從大年初二王靜輝從徐老那裡拜年回來後,平民醫館的門檻都快被這些人踏平了,搞得門房和廚房的師傅們抱怨不已。因為王靜輝和這些商人接觸後認為這些商人可要比那些之乎者也的文人要可愛多了,所以他很熱情的招待了這些拜訪者,廚房的師傅們一年到頭何曾有過這樣的繁忙,反映到管家王福那裡後,王靜輝也覺得廚房壓力太大,在加上登門拜訪的這些人都是吃遍全中國的主兒,雖然嘴上不說,但王靜輝也明白這宴飲的菜肴實在是不在這些商人的眼裡,所以也就把歡宴的地方轉移到汴都中的各大酒樓中去,這讓廚房中的大廚們彈冠相慶,鬆了口氣。

王靜輝是從未來到這個時空的,他很明白北宋正處於資本主義萌芽的前夜,由於北宋的統治階級採取不抑制商人和對土地兼并不干預的政策,使得大量無地可種的破產農民大量流入城市成為各行各業的打工一族,這其實就是變相的英國「羊吃人」的圈地運動的翻版,不過相對英國的圈地運動,宋朝的政策更為平和的多,至少只要肯吃苦耐勞,尋求一個飯碗還是不成問題的。這也間接促進了北宋的城市化發展,以至於在一千年前的宋朝就能出現像汴都開封這樣有近二百萬人口這樣的超級城市,遠遠的站在了這個時代人類文明的巔峰。而此時北宋的財政收入中的商業稅也前所未有的超過了農業收入,自北宋滅亡後直到辛亥革命前的這一千年當中,中國的財政收入再也沒有出現過這樣的情況。

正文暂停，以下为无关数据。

Lemma graver_below x : L x -> x <> vzero c -> exists2 g, graver g & conformal g x.
Proof.
move=> Lx; have [N xN] := lattice_finsupp Lx.
have [k] := ubnP (norm N x); elim: k x Lx xN => // k IH x Lx xN /ltnSE normx x0.
case: (classic (graver x)) => [gx|ngx]; first by exists x => //; apply: conformal_refl.
have [h [Lh [h0 [hx hNx]]]] : exists h, L h /\ h <> vzero c /\ conformal h x /\ h <> x.
  apply: NNPP => noh; apply: ngx; split=> //; split=> // h Lh h0 hx.
  by apply: NNPP => hNx; apply: noh; exists h.
have hN := conformal_supp_below xN hx.
have [g gg gh] := IH h Lh hN (leq_trans (norm_conformal_lt xN hx hNx) normx) h0.
by exists g => //; apply: conformal_trans gh hx.
Qed.

Lemma graver_ind (P : vec c -> Prop) : P (vzero c) ->
  (forall x g, L x -> graver g -> conformal g x -> P (vsub x g) -> P x) ->
  forall x, L x -> P x.
Proof.
move=> P0 Pstep x Lx; have [N xN] := lattice_finsupp Lx.
have [k] := ubnP (norm N x); elim: k x Lx xN => // k IH x Lx xN /ltnSE normx.
case: (classic (x = vzero c)) => [->|x0] //.
have [g gg gx] := graver_below Lx x0; have [Lg [g0 _]] := gg.
apply: (Pstep _ _ Lx gg gx (IH _ (lattice_sub Lx Lg) _ _)).
  exact: conformal_supp_below xN (conformal_subl gx).
apply: leq_trans normx; apply: norm_conformal_lt xN (conformal_subl gx) _.
move=> xgx; apply: g0; apply: vec_ext => i j.
by move: (congr1 (fun v => v i j) xgx); rewrite /vsub /vzero; lia.
Qed.

Lemma graver_leading_below prec : term_order prec -> forall x, L x ->
  prec (vneg x) (vpos x) -> exists2 g, graver g & conformal g x /\ prec (vneg g) (vpos g).
Proof.
move=> prec_order; apply: graver_ind => [|x g Lx gg gx IH].
  have -> : vneg (vzero c) = vpos (vzero c).
    by apply: vec_ext => i j; rewrite /vneg /vpos /vzero; lia.
  by move=> /(prec_irrefl prec_order (nonneg_vpos (lattice_finsupp lattice0))).
move=> x_lead.
have [x_fin g_fin] := (lattice_finsupp Lx, lattice_finsupp gg.1).
have xg_fin := lattice_finsupp (lattice_sub Lx gg.1).
case: (classic (prec (vneg g) (vpos g))) => [g_lead|gNlead]; first by exists g.
case: (classic (prec (vneg (vsub x g)) (vpos (vsub x g)))) => [|xgNlead].
  move=> /IH [h hg [hxg h_lead]].
  by exists h => //; split=> //; apply: conformal_trans hxg (conformal_subl gx).
exfalso; apply: (prec_preceq_false prec_order (nonneg_vneg x_fin) (nonneg_vpos x_fin) x_lead).
rewrite (vpos_conformal_sub gx) (vneg_conformal_sub gx).
by apply: (preceq_add prec_order);
  do ?[exact: nonneg_vpos | exact: nonneg_vneg | apply: (preceqNprec prec_order)].
Qed.

Lemma fiber_vsub u v w g : fiber L u v -> nonnegvec w -> L g -> conformal g (vsub v w) ->
  fiber L u (vsub v g).
Proof.
move=> [[v_fin v_ge0] Luv] [_ w_ge0] Lg gvw; split; first split.
- exact: (finsupp_map2 (f := fun a b : int => a - b)) v_fin (lattice_finsupp Lg).
- by move=> i j; move: (gvw i j) (v_ge0 i j) (w_ge0 i j); rewrite /vsub /conformz; lia.
suff -> : vsub u (vsub v g) = vadd (vsub u v) g by apply: lattice_add.
by apply: vec_ext => i j; rewrite /vsub /vadd; lia.
Qed.

Hypothesis L_sym : sym_invariant L.

Definition orbit g h := exists s, finperm s /\ act_rel s g h.
Definition columns (N : nat) x : seq ('I_c -> int) := mkseq x N.

Lemma conformal_image_of_embeds (N M : nat) g h : supp_below N g ->
  embeds conformc (columns N g) (columns M h) ->
  exists s w, [/\ finperm s, act_rel s g w & conformal w h].
Proof.
move=> gN /(embeds_nth (fun _ => 0)); rewrite !size_mkseq => -[phi [phiE phi_inj]].
have [s s_perm s_phi] := finperm_extend phi_inj.
have [[s' sK s'K] _] := s_perm.
exists s, (fun p => g (s' p)); split=> // [i j|p j]; first by rewrite sK.
case: (ltnP (s' p) N) => [s'pN|Ns'p]; last by rewrite gN // /conformz; lia.
have [phiM] := phiE _ s'pN; rewrite !nth_mkseq // -s_phi // s'K; apply.
Qed.

Lemma graver_orbit_of_embeds (N M : nat) g h : graver g -> graver h -> supp_below N g ->
  embeds conformc (columns N g) (columns M h) -> orbit g h.
Proof.
move=> [Lg [g0 _]] [_ [_ h_min]] gN /(conformal_image_of_embeds gN) [s [w [s_perm gw wh]]].
exists s; split=> //; rewrite -(h_min w (L_sym s_perm Lg gw)) //.
move=> w0; apply: g0; apply: vec_ext => i j; by rewrite -gw w0.
Qed.
Lemma strong_circuit_elim C1 C2 e f :
  circuit M C1 -> circuit M C2 -> e \in C1 -> e \in C2 -> f \in C1 -> f \notin C2 ->
  exists C, [/\ circuit M C, f \in C & C \subset (C1 :|: C2) :\ e].
Proof.
move=> c1 c2 C1e C2e C1f C2Nf; set U := C1 :|: C2.
have [/existsP[C /and3P[cC Cf sC]] | /existsPn noC] :=
  boolP [exists C, [&& circuit M C, f \in C & C \subset U :\ e]]; first by exists C.
have {}noC C : circuit M C -> f \in C -> ~~ (C \subset U :\ e).
  by move=> cC Cf; move: (noC C); rewrite cC Cf.
(* Otherwise [f] is a coloop of [U :\ e]: a largest independent subset [I] of [U :\ f]
   through [C2 :\ e] avoids [e], so [f |: I] is independent and larger than a
   largest independent subset of [U] through [C1 :\ f], which avoids [f]. *)
have [|I [sC2I sIU iI maxI]] := indep_extend (X := U :\ f) _ (circuit_indepD1 c2 C2e).
  by rewrite subsetD1 subDset subsetU ?subsetUr ?orbT // inE negb_and C2Nf orbT.
have INe : e \notin I := circuit_notin c2 sC2I iI.
have INf : f \notin I by move: sIU; rewrite subsetD1 => /andP[].
have Uef : f \in U :\ e by rewrite !inE C1f andbT; apply: contraNneq C2Nf => ->.
have iIf : indep M (f |: I).
  apply: indep_setU1_no_circuit noC Uef _ iI.
  by rewrite subsetD1 INe (subset_trans sIU) ?subD1set.
have [|L [sC1L sLU iL maxL]] := indep_extend (X := U) _ (circuit_indepD1 c1 C1f).
  exact: subset_trans (subD1set _ _) (subsetUl _ _).
have LNf : f \notin L := circuit_notin c1 sC1L iL.
have sfIU : f |: I \subset U.
  by rewrite subUset sub1set !inE C1f (subset_trans sIU (subD1set _ _)).
have sLUf : L \subset U :\ f by rewrite subsetD1 LNf sLU.
have := leq_trans (maxL _ sfIU iIf) (maxI L sLUf iL).
by rewrite cardsU1 INf add1n ltnn.
Qed.

Lemma basis_of_card B J : is_basis M B -> indep M J -> #|B| <= #|J| -> is_basis M J.
Proof.
case/maxsetP=> iB maxB iJ leBJ; apply/maxsetP; split=> // K iK sJK.
apply/eqP; rewrite eq_sym eqEcard sJK /= leqNgt; apply/negP => ltJK.
have [x /setDP[_ BNx] ixB] := indep_aug iB iK (leq_ltn_trans leBJ ltJK).
by move: BNx; rewrite -(maxB _ ixB (subsetUr _ _)) setU11.
Qed.

Lemma circuit_cocircuit_card_neq1 C D :
  circuit M C -> cocircuit M D -> #|C :&: D| != 1.
Proof.
move=> cC /minsetP[/forallP meetD minD]; apply/negP => /cards1P[e CDe].
have /setIP[Ce De] : e \in C :&: D by rewrite CDe set11.
(* By minimality [D :\ e] misses some basis [B]; a largest independent subset of
   [(B :|: C) :\ e] through [C :\ e] is again a basis, and it misses [D]. *)
have [B bB DeB0] : exists2 B, is_basis M B & (D :\ e) :&: B = set0.
  have /forallPn[B] : ~~ [forall B, is_basis M B ==> ((D :\ e) :&: B != set0)].
    by apply/negP => /minD/(_ (subD1set D e)) eqD; move: De; rewrite -eqD setD11.
  by rewrite negb_imply negbK => /andP[bB /eqP DeB0]; exists B.
have notin_DeB y : y \in B -> y \in D -> y = e.
  move=> By Dy; apply/eqP/negPn/negP => ney.
  by have := in_set0 y; rewrite -DeB0 !inE ney Dy By.
have [|J [sCJ sJS iJ maxJ]] :=
  indep_extend (X := (B :|: C) :\ e) _ (circuit_indepD1 cC Ce).
  exact: setSD (subsetUr _ _).
have bJ : is_basis M J.
  apply: (basis_of_card bB iJ); rewrite leqNgt; apply/negP => ltJB.
  have [iB _] := maxsetP bB.
  have [x /setDP[Bx JNx] ixJ] := indep_aug iJ iB ltJB.
  have [xe | nexe] := eqVneq x e.
    by rewrite xe (negbTE (circuit_setU1_dep cC sCJ)) in ixJ.
  suff : #|x |: J| <= #|J| by rewrite cardsU1 JNx add1n ltnn.
  by apply: maxJ ixJ; rewrite subUset sub1set !inE nexe Bx sJS.
have /set0Pn[y /setIP[Dy Jy]] := implyP (meetD J) bJ.
have /setD1P[ney /setUP[By | Cy]] := subsetP sJS y Jy.
  by rewrite (notin_DeB y By Dy) eqxx in ney.
have : y \in C :&: D by rewrite inE Cy Dy.
by rewrite CDe inE (negbTE ney).
Qed.

Lemma circuit_petal_elim Z z a b f :
  circuit M a -> circuit M b -> z \in Z -> z \in a -> z \in b ->
  f \in a :\: Z -> f \notin b ->
  exists C, [/\ circuit M C, f \in C :\: (Z :\ z) &
                C :\: (Z :\ z) \subset (a :\: Z) :|: (b :\: Z)].
Proof.
move=> ca cb Zz az bz /setDP[af ZNf] bNf.
have [C [cC Cf sC]] := strong_circuit_elim ca cb az bz af bNf.
exists C; split=> //; first by rewrite !inE (negbTE ZNf) andbF Cf.
rewrite -setDUl; apply/subsetP => x /setDP[Cx]; have := subsetP sC x Cx.
by rewrite !inE => /andP[-> ->] /= ->.
Qed.

Lemma flower_pairing Z z S :
  z \in Z -> {in S, forall C, circuit M C /\ z \in C} -> flower Z S ->
  exists S', [/\ {in S', forall C, circuit M C}, flower (Z :\ z) S',
                 #|S| <= (#|S'|).*2.+1 & petals (Z :\ z) S' \subset petals Z S].
Proof.
move=> Zz; have [n] := ubnP #|S|; elim: n S => // n IH S /ltnSE leSn cS flS.
have [leS1 | /card_gt1P[a [b [Sa Sb neab]]]] := leqP #|S| 1.
  exists set0; split; rewrite ?flower0 ?cards0 //; first by move=> C; rewrite inE.
  by apply/bigcupsP => C; rewrite inE.
set S1 := S :\ a :\ b.
have sS1S : S1 \subset S := subset_trans (subD1set _ b) (subD1set S a).
have cardS : #|S| = #|S1|.+2.
  by rewrite (cardsD1 a S) Sa (cardsD1 b (S :\ a)) !inE eq_sym neab Sb.
have [||S1' [cS1' flS1' leS1 sPS1]] := IH S1 _ _ (flowerS sS1S flS).
- by move: leSn; rewrite cardS => /ltnW.
- by move=> C /(subsetP sS1S)/cS.
have /flowerP[petal_neq0 disj] := flS.
have [f af] := set0Pn _ (petal_neq0 a Sa).
have bNf : f \notin b.
  apply/negP => bf; case/setDP: (af) => _ ZNf.
  by have := disjointFr (disj a b Sa Sb neab) af; rewrite inE bf ZNf.
have [[ca az] [cb bz]] := (cS a Sa, cS b Sb).
have [C [cC Cf sC]] := circuit_petal_elim ca cb Zz az bz af bNf.
have disjC : [disjoint C :\: (Z :\ z) & petals (Z :\ z) S1'].
  apply: disjointW sC sPS1 _; rewrite disjoints_subset subUset -!disjoints_subset.
  apply/andP; split.
    exact: disjointWr (petalsS _ (subD1set _ _)) (flower_disjoint_petals flS Sa).
  apply: disjointWr (flower_disjoint_petals flS Sb); apply: petalsS.
  by apply: setSD; apply: subD1set.
have petalC_neq0 : C :\: (Z :\ z) != set0 by apply/set0Pn; exists f.
have [flCS1' S1'NC] := flower_setU1 flS1' petalC_neq0 disjC.
exists (C |: S1'); split=> //.
- by move=> D /setU1P[-> | /cS1'].
- by rewrite cardsU1 S1'NC cardS add1n doubleS !ltnS.
apply/bigcupsP => D /setU1P[-> | S1'D].
  by rewrite (subset_trans sC) // subUset !(bigcup_sup _ Sa, bigcup_sup _ Sb).
apply: subset_trans (petalsS _ sS1S); apply: subset_trans sPS1.
exact: (bigcup_sup D).
Qed.

Lemma disjoint_circuits_of_flower c Z S :
  {in S, forall C, circuit M C} -> flower Z S -> c * 3 ^ #|Z| <= #|S| ->
  exists F, [/\ {in F, forall C, circuit M C}, trivIset F & c <= #|F|].
Proof.
move cardZ: #|Z| => n; elim: n Z S cardZ => [|n IH] Z S cardZ cS flS leS.
  move: flS; rewrite (cards0_eq cardZ) => /flower_set0 tiS.
  by exists S; rewrite muln1 in leS.
have /card_gt0P[z Zz] : 0 < #|Z| by rewrite cardZ.
have cardZz : #|Z :\ z| = n by move: cardZ; rewrite (cardsD1 z) Zz => -[].
set Sz := S :&: [set C : {set T} | z \in C]; set SNz := S :\: [set C : {set T} | z \in C].
(* Either a third of [S] avoids [z], or pairing up the members through [z]
   keeps half of the remaining two thirds. *)
have [leSNz | ltSNz] := leqP (c * 3 ^ n) #|SNz|.
  apply: (IH (Z :\ z) SNz) => //; first by move=> C /setDP[/cS].
  have petalE : {in SNz, forall C, C :\: (Z :\ z) = C :\: Z}.
    move=> C /setDP[_]; rewrite inE => CNz; apply/setP => x; rewrite !inE.
    by case: eqP => [-> | _]; rewrite ?(negbTE CNz) ?andbF.
  by rewrite (eq_flower petalE) (flowerS (subsetDl _ _) flS).
have [|Sz' [cSz' flSz' leSz _]] :=
  @flower_pairing Z z Sz Zz _ (flowerS (subsetIl _ _) flS).
  by move=> C /setIP[/cS cC]; rewrite inE.
apply: (IH (Z :\ z) Sz') => //.
move: leS; rewrite -(cardsID [set C : {set T} | z \in C] S) -/Sz -/SNz expnS mulnCA.
move: leSz ltSNz; move: (c * 3 ^ n) #|Sz| #|SNz| #|Sz'| => N a b y; lia.
Qed.

Section T2tProperty.
Variable t : nat.
Hypotheses (t_gt0 : 0 < t) (Mt2t : t2t_property M t).

Lemma cocircuit_sub_cover G :
  {in G, forall C, circuit M C} -> trivIset G -> #|G| = t ->
  exists D, [/\ cocircuit M D, #|D| = 2 * t & D \subset cover G].
Proof.
move=> cG tiG cardG.
have partG : partition G (cover G).
  by rewrite /partition eqxx tiG /=; apply/negP => /cG/circuit_neq0; rewrite eqxx.
have trX := transversalP partG; set X := transversal G (cover G) in trX.
have [_ [D coD [cardD sXD]]] := Mt2t (etrans (card_transversal trX) cardG).
exists D; split=> //.
have meet2 : {in G, forall C, 2 <= #|D :&: C|}.
  move=> C GC; case/and3P: trX => _ _ /forall_inP/(_ C GC)/eqP cardXC.
  have DC_gt0 : 0 < #|D :&: C| by rewrite -cardXC subset_leq_card // setSI.
  have := circuit_cocircuit_card_neq1 (cG C GC) coD; rewrite setIC => DC_neq1.
  by rewrite ltn_neqAle eq_sym DC_neq1.
apply/setIidPl/eqP; rewrite eqEcard subsetIl cardD -cardG /=.
exact: leq_card_setI_cover.
Qed.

想到這裡,王靜輝看著在「瑞福樓」廳中這些歡飲的富商們,默默的想到:「他們也是一支潛在的力量,雖然在政治地位上非常低下,但他們對社會進步的推動作用上來說要比那些大文豪要大的多,只要能夠加以引導、培植,很難說有一天他們可以和這些文人士子有一較長短的能力。」

王靜輝不禁為自己內心中的想法嚇了一跳,因為他是無志與政治鬥爭的,「雖然不想當官,但也不能眼看著那個王安石一上台就把國家搞得天怨人怒吧?雖然他的出發點是好的,但他的改革使得北宋的政治環境迅速惡化,國家實力大打折扣這也是明擺著的。」他在內心中給自己找了個借口。儘管王靜輝心中有了這種想問鼎政治的想法,但這也只是一閃而過的念頭而已,他甩了甩有些發沉的腦袋,把這種可笑的想法驅除出去後,便混在這些富商中間周旋去了。

在過年期間,來拜訪王靜輝的文人一開始也不少,畢竟是新一代汴都詩詞大家的代表,並且他的詩詞受到了不少大家的稱讚,就連歐陽修這樣的文壇首領也對此稱讚不宜,所以慕名而來的人還是不少的。但讓王靜輝奇怪的是這些人越來越少,最後才想到:自己熱心招待來訪者是無差別的,文人和商人在宴會上共處一堂,雙方沒有什麼共同語言,甚至是彼此互相鄙視。商人逐利的特性讓他們可以放下架子前赴後繼來到他這裡,而這些書獃子可摸不下這個面子,認為和這些「食肉者鄙」的商人共處一堂是對他們的侮辱,他們此時也想到了王靜輝的另一個身份——汴都開封的大商人,這讓這些清高的文人漸漸地對他開始疏遠起來。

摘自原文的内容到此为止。